(* Let $\varepsilon,\delta>0$ and $s\ge1$ an integer. For $i\in[1:s]$ let $\rho^{(i)}\in\mathcal{D}(\mathcal{H})$ be a quantum state and $\Pi^{(i)}$ a projection operator on $\mathcal{H}$ such that $\mathrm{Tr}[\Pi^{(i)}\rho^{(i)}]\ge1-\varepsilon$. Then there exists a projection operator $\Pi^\star$ such that for all $i\in[1:s]$, $$\mathrm{Tr}[\Pi^\star\rho^{(i)}]\ge 1-\varepsilon-\delta\log(2s),$$ and $$\Pi^\star\preceq\left(\frac{2}{\delta^2}\right)^{\log(2s)}\left(\Pi^{(1)}+\Pi^{(2)}+\dots+\Pi^{(s)}\right).$$
   Context: $\mathcal{H}$ is a finite-dimensional Hilbert space, $\mathcal{D}(\mathcal{H})$ its set of density operators; $\log$ is base 2; $[1:s]=\{1,\dots,s\}$; $P\preceq Q$ means $Q-P$ is positive semi-definite. *)

From HB Require Import structures.
From mathcomp Require Import all_boot all_order all_algebra.
From mathcomp Require Import sesquilinear.
From mathcomp Require Import complex.
From mathcomp Require Import reals exp.
Set Implicit Arguments. Unset Strict Implicit. Unset Printing Implicit Defensive.
Import Order.TTheory GRing.Theory Num.Theory.
Local Open Scope ring_scope.

Section QDefs.
Variable R : realType.
Local Notation C := (complex R).

Definition adj n (A : 'M[C]_n) : 'M[C]_n := map_mx Num.conj (A^T).

Definition psd n (A : 'M[C]_n) : Prop :=
  adj A = A /\ forall v : 'rV[C]_n, 0 <= (v *m A *m (map_mx Num.conj v^T)) 0 0.

Definition loewner_le n (P Q : 'M[C]_n) : Prop := psd (Q - P).

Definition density n (rho : 'M[C]_n) : Prop := psd rho /\ \tr rho = 1.

Definition projection n (P : 'M[C]_n) : Prop := adj P = P /\ P *m P = P.

Definition log2 (x : R) : R := ln x / ln 2.

Definition rC (x : R) : C := real_complex R x.
End QDefs.

From HB Require Import structures.
From mathcomp Require Import all_boot all_order all_algebra.
From mathcomp Require Import complex.
From mathcomp Require Import reals exp.
From mathcomp Require Import sesquilinear spectral ring lra.
Set Implicit Arguments. Unset Strict Implicit. Unset Printing Implicit Defensive.
Import Order.TTheory GRing.Theory Num.Theory.
Local Open Scope ring_scope.

(* Let A be the sum of the Pi^(i) and let Pi* be the spectral projection of A
   onto its eigenvalues >= alpha, where 1/alpha = (2/delta^2)^log(2s); then
   Pi* <= A/alpha is immediate.  For Q = 1 - Pi* we have QAQ <= alpha Q, hence
   Q Pi Q <= alpha for each Pi = Pi^(i), and therefore also Pi Q Pi <= alpha
   (X X^* and X^* X have the same norm, X = Q Pi), while Pi' Q Pi' <= Pi' for
   Pi' = 1 - Pi.  The operator inequality Q <= (1+t) Pi Q Pi + (1+1/t) Pi' Q Pi'
   then gives Tr[Q rho] <= (1+t) alpha + (1+1/t) eps, and t = 1/delta yields
   the claim once s >= 2, since then alpha <= delta^4/4.  For s = 1 take
   Pi* = Pi^(1), and take Pi* = 0 when the trace bound is not positive. *)

Section PsdMatrices.
Variable C : numClosedFieldType.
Local Open Scope sesquilinear_scope.

Lemma trmxC_mul m n p (A : 'M[C]_(m, n)) (B : 'M[C]_(n, p)) :
  (A *m B)^t* = B^t* *m A^t*.
Proof. by rewrite trmx_mul map_mxM. Qed.

Lemma trmxCD m n (A B : 'M[C]_(m, n)) : (A + B)^t* = A^t* + B^t*.
Proof. by rewrite linearD map_mxD. Qed.

Lemma trmxCB m n (A B : 'M[C]_(m, n)) : (A - B)^t* = A^t* - B^t*.
Proof. by rewrite linearB map_mxB. Qed.

Lemma trmxCZ m n a (A : 'M[C]_(m, n)) : (a *: A)^t* = a^* *: A^t*.
Proof. by rewrite linearZ map_mxZ. Qed.

Lemma trmxC_scalar n a : (a%:M : 'M[C]_n)^t* = a^*%:M.
Proof. by rewrite tr_scalar_mx map_scalar_mx. Qed.

Definition qform n (v : 'rV[C]_n) (A : 'M[C]_n) : C := (v *m A *m v^t*) 0 0.

Definition psdmx n (A : 'M[C]_n) : Prop := A^t* = A /\ forall v, 0 <= qform v A.
Definition psd_le n (A B : 'M[C]_n) : Prop := psdmx (B - A).
Definition projmx n (P : 'M[C]_n) : Prop := P^t* = P /\ P *m P = P.

Lemma qformD n v (A B : 'M[C]_n) : qform v (A + B) = qform v A + qform v B.
Proof. by rewrite /qform mulmxDr mulmxDl mxE. Qed.

Lemma qformN n v (A : 'M[C]_n) : qform v (- A) = - qform v A.
Proof. by rewrite /qform mulmxN mulNmx mxE. Qed.

Lemma qformB n v (A B : 'M[C]_n) : qform v (A - B) = qform v A - qform v B.
Proof. by rewrite qformD qformN. Qed.

Lemma qformZ n v a (A : 'M[C]_n) : qform v (a *: A) = a * qform v A.
Proof. by rewrite /qform -scalemxAr -scalemxAl mxE. Qed.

◆ ◆ ◆ ◆

Task brief →
Set down every entry once more, exactly as it was written above.

Answer to the exercise →
(* Let $\varepsilon,\delta>0$ and $s\ge1$ an integer. For $i\in[1:s]$ let $\rho^{(i)}\in\mathcal{D}(\mathcal{H})$ be a quantum state and $\Pi^{(i)}$ a projection operator on $\mathcal{H}$ such that $\mathrm{Tr}[\Pi^{(i)}\rho^{(i)}]\ge1-\varepsilon$. Then there exists a projection operator $\Pi^\star$ such that for all $i\in[1:s]$, $$\mathrm{Tr}[\Pi^\star\rho^{(i)}]\ge 1-\varepsilon-\delta\log(2s),$$ and $$\Pi^\star\preceq\left(\frac{2}{\delta^2}\right)^{\log(2s)}\left(\Pi^{(1)}+\Pi^{(2)}+\dots+\Pi^{(s)}\right).$$
   Context: $\mathcal{H}$ is a finite-dimensional Hilbert space, $\mathcal{D}(\mathcal{H})$ its set of density operators; $\log$ is base 2; $[1:s]=\{1,\dots,s\}$; $P\preceq Q$ means $Q-P$ is positive semi-definite. *)

From HB Require Import structures.
From mathcomp Require Import all_boot all_order all_algebra.
From mathcomp Require Import sesquilinear.
From mathcomp Require Import complex.
From mathcomp Require Import reals exp.
Set Implicit Arguments. Unset Strict Implicit. Unset Printing Implicit Defensive.
Import Order.TTheory GRing.Theory Num.Theory.
Local Open Scope ring_scope.

Section QDefs.
Variable R : realType.
Local Notation C := (complex R).

Definition adj n (A : 'M[C]_n) : 'M[C]_n := map_mx Num.conj (A^T).

Definition psd n (A : 'M[C]_n) : Prop :=
  adj A = A /\ forall v : 'rV[C]_n, 0 <= (v *m A *m (map_mx Num.conj v^T)) 0 0.

Definition loewner_le n (P Q : 'M[C]_n) : Prop := psd (Q - P).

Definition density n (rho : 'M[C]_n) : Prop := psd rho /\ \tr rho = 1.

Definition projection n (P : 'M[C]_n) : Prop := adj P = P /\ P *m P = P.

Definition log2 (x : R) : R := ln x / ln 2.

Definition rC (x : R) : C := real_complex R x.
End QDefs.

From HB Require Import structures.
From mathcomp Require Import all_boot all_order all_algebra.
From mathcomp Require Import complex.
From mathcomp Require Import reals exp.
From mathcomp Require Import sesquilinear spectral ring lra.
Set Implicit Arguments. Unset Strict Implicit. Unset Printing Implicit Defensive.
Import Order.TTheory GRing.Theory Num.Theory.
Local Open Scope ring_scope.

(* Let A be the sum of the Pi^(i) and let Pi* be the spectral projection of A
   onto its eigenvalues >= alpha, where 1/alpha = (2/delta^2)^log(2s); then
   Pi* <= A/alpha is immediate.  For Q = 1 - Pi* we have QAQ <= alpha Q, hence
   Q Pi Q <= alpha for each Pi = Pi^(i), and therefore also Pi Q Pi <= alpha
   (X X^* and X^* X have the same norm, X = Q Pi), while Pi' Q Pi' <= Pi' for
   Pi' = 1 - Pi.  The operator inequality Q <= (1+t) Pi Q Pi + (1+1/t) Pi' Q Pi'
   then gives Tr[Q rho] <= (1+t) alpha + (1+1/t) eps, and t = 1/delta yields
   the claim once s >= 2, since then alpha <= delta^4/4.  For s = 1 take
   Pi* = Pi^(1), and take Pi* = 0 when the trace bound is not positive. *)

Section PsdMatrices.
Variable C : numClosedFieldType.
Local Open Scope sesquilinear_scope.

Lemma trmxC_mul m n p (A : 'M[C]_(m, n)) (B : 'M[C]_(n, p)) :
  (A *m B)^t* = B^t* *m A^t*.
Proof. by rewrite trmx_mul map_mxM. Qed.

Lemma trmxCD m n (A B : 'M[C]_(m, n)) : (A + B)^t* = A^t* + B^t*.
Proof. by rewrite linearD map_mxD. Qed.

Lemma trmxCB m n (A B : 'M[C]_(m, n)) : (A - B)^t* = A^t* - B^t*.
Proof. by rewrite linearB map_mxB. Qed.

Lemma trmxCZ m n a (A : 'M[C]_(m, n)) : (a *: A)^t* = a^* *: A^t*.
Proof. by rewrite linearZ map_mxZ. Qed.

Lemma trmxC_scalar n a : (a%:M : 'M[C]_n)^t* = a^*%:M.
Proof. by rewrite tr_scalar_mx map_scalar_mx. Qed.

Definition qform n (v : 'rV[C]_n) (A : 'M[C]_n) : C := (v *m A *m v^t*) 0 0.

Definition psdmx n (A : 'M[C]_n) : Prop := A^t* = A /\ forall v, 0 <= qform v A.
Definition psd_le n (A B : 'M[C]_n) : Prop := psdmx (B - A).
Definition projmx n (P : 'M[C]_n) : Prop := P^t* = P /\ P *m P = P.

Lemma qformD n v (A B : 'M[C]_n) : qform v (A + B) = qform v A + qform v B.
Proof. by rewrite /qform mulmxDr mulmxDl mxE. Qed.

Lemma qformN n v (A : 'M[C]_n) : qform v (- A) = - qform v A.
Proof. by rewrite /qform mulmxN mulNmx mxE. Qed.

Lemma qformB n v (A B : 'M[C]_n) : qform v (A - B) = qform v A - qform v B.
Proof. by rewrite qformD qformN. Qed.

Lemma qformZ n v a (A : 'M[C]_n) : qform v (a *: A) = a * qform v A.
Proof. by rewrite /qform -scalemxAr -scalemxAl mxE. Qed.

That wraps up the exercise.